Show each line of the listing in which the word "Reals" occurs.

++++++++++

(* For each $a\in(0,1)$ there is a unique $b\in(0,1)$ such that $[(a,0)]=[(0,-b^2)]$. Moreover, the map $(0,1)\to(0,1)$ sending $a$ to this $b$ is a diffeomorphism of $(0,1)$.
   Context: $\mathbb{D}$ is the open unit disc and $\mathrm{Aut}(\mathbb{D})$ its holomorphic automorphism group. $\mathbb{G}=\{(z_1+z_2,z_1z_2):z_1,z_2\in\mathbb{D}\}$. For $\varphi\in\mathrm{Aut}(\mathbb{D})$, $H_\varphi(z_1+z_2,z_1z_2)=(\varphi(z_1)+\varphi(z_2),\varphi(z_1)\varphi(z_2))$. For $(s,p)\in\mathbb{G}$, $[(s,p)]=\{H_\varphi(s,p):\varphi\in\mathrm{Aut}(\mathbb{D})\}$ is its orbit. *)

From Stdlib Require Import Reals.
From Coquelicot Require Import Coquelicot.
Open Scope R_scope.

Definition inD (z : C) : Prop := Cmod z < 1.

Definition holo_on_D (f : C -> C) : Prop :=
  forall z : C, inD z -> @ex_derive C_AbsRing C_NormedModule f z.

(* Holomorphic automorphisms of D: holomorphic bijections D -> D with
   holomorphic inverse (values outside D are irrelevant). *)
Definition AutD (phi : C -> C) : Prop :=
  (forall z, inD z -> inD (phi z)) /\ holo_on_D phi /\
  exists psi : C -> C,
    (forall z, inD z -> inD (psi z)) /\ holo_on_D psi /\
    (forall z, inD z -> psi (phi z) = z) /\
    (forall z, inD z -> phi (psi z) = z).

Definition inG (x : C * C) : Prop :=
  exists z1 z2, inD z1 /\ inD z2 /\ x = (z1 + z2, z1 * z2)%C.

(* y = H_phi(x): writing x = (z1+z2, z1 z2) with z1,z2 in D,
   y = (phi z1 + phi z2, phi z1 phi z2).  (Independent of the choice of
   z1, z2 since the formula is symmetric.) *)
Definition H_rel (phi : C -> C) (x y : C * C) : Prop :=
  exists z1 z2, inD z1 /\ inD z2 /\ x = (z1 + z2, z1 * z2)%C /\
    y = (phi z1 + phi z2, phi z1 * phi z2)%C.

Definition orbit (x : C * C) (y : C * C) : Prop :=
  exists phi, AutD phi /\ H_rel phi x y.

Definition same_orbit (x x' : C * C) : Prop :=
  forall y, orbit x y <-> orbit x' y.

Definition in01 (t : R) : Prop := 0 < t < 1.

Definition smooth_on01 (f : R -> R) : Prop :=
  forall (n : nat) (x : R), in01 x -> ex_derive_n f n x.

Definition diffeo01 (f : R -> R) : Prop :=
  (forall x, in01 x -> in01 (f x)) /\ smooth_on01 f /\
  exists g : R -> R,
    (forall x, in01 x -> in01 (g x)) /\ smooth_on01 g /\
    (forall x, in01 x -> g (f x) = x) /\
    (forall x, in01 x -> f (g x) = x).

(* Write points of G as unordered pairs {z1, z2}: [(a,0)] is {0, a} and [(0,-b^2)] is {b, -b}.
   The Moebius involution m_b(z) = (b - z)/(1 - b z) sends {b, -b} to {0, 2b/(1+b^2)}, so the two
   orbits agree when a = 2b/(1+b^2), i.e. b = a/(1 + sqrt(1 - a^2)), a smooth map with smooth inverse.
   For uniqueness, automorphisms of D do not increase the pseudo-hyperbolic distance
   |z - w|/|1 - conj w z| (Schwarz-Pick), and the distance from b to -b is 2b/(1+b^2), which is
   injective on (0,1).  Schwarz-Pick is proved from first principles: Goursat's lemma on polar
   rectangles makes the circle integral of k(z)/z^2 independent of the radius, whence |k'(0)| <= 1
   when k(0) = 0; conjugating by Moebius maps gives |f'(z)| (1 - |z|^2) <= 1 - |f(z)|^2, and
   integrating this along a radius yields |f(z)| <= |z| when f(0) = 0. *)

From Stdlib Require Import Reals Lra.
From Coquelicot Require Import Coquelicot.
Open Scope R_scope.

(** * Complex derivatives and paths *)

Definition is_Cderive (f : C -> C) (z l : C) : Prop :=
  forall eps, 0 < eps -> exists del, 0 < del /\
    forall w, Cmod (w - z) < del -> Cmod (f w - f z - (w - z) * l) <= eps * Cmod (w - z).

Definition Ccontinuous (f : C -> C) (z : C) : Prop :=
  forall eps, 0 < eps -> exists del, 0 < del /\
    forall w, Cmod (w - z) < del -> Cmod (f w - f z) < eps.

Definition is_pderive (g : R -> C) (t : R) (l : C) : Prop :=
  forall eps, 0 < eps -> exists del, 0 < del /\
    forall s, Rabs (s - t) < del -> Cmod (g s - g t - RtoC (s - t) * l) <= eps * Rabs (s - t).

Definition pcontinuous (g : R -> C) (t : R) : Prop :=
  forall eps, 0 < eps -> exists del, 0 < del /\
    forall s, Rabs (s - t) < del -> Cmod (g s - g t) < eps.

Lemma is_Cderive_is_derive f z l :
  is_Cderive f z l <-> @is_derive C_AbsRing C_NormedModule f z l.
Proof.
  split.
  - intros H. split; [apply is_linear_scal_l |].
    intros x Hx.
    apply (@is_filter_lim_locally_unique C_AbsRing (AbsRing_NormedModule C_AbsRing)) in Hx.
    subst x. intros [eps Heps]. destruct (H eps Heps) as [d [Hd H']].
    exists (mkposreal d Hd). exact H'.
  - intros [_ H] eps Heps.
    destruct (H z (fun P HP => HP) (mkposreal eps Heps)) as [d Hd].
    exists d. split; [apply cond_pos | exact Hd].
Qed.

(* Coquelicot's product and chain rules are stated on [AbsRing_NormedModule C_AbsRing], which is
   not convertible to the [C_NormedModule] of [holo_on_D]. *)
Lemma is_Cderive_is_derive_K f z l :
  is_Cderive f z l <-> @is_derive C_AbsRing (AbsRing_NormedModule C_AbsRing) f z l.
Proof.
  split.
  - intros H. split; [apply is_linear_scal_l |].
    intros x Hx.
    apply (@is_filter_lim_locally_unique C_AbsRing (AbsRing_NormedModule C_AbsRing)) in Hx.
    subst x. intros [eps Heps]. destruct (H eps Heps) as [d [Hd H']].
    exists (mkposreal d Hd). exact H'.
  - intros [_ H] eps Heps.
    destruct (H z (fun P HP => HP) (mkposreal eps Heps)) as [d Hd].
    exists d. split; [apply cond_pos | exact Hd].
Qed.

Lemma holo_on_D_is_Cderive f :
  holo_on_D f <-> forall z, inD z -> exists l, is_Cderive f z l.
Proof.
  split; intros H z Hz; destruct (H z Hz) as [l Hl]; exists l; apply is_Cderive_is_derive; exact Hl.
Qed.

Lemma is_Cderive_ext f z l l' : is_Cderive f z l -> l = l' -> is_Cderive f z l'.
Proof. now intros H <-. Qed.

++++++++++

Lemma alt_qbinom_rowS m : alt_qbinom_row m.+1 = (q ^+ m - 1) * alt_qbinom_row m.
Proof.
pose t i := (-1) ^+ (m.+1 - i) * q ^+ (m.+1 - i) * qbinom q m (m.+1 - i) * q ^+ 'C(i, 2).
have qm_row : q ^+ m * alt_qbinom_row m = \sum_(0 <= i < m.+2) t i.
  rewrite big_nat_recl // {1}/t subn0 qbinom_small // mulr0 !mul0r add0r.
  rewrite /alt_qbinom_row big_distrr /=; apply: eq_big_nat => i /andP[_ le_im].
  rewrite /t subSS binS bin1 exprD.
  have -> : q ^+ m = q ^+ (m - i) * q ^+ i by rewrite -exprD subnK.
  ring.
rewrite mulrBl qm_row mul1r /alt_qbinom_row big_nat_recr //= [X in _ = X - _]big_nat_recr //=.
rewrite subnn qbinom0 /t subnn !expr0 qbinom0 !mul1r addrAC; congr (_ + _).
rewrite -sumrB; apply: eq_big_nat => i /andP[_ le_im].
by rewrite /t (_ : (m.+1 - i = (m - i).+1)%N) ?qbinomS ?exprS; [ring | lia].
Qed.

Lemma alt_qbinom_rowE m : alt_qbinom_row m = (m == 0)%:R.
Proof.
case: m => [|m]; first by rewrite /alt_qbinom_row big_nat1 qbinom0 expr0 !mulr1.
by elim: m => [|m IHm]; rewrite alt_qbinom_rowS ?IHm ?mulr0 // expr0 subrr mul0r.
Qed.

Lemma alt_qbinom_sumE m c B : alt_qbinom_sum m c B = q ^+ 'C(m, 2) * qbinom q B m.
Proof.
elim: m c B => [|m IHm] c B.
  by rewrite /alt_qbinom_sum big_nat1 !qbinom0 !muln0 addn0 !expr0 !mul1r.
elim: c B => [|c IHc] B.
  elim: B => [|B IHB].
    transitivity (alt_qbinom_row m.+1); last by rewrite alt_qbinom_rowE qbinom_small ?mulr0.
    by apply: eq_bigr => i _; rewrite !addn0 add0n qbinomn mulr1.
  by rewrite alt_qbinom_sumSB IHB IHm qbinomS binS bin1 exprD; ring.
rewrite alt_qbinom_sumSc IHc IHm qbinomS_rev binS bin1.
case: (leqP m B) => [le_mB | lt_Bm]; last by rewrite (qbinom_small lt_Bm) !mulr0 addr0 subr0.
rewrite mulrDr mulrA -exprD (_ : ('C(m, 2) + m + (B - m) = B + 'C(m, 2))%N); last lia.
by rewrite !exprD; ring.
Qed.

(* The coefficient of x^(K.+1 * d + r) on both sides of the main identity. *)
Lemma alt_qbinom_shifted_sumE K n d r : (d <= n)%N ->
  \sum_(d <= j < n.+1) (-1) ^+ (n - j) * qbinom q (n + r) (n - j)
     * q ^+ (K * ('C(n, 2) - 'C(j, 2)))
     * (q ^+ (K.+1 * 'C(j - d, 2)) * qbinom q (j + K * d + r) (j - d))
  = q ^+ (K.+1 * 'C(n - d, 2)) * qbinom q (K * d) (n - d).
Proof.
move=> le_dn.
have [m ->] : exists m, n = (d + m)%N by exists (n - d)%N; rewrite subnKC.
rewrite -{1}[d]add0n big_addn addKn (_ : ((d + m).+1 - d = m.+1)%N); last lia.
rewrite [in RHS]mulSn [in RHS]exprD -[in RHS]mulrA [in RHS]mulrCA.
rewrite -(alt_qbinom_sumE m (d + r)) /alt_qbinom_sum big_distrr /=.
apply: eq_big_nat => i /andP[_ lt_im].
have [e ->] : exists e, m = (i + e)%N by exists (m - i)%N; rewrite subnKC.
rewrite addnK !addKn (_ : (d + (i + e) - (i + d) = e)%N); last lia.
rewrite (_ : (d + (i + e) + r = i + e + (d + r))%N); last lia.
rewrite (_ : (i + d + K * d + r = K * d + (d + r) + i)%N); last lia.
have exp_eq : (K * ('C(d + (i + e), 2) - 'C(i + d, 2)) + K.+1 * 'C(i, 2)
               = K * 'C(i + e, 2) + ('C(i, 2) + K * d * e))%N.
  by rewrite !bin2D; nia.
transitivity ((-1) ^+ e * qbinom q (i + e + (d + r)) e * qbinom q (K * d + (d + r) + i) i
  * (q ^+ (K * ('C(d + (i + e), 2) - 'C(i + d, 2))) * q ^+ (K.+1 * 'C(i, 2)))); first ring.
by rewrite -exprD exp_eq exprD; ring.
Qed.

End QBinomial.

++++++++++

*Reply to the exercise*:
From Stdlib Require Import Reals.
From Stdlib Require Import Reals Lra.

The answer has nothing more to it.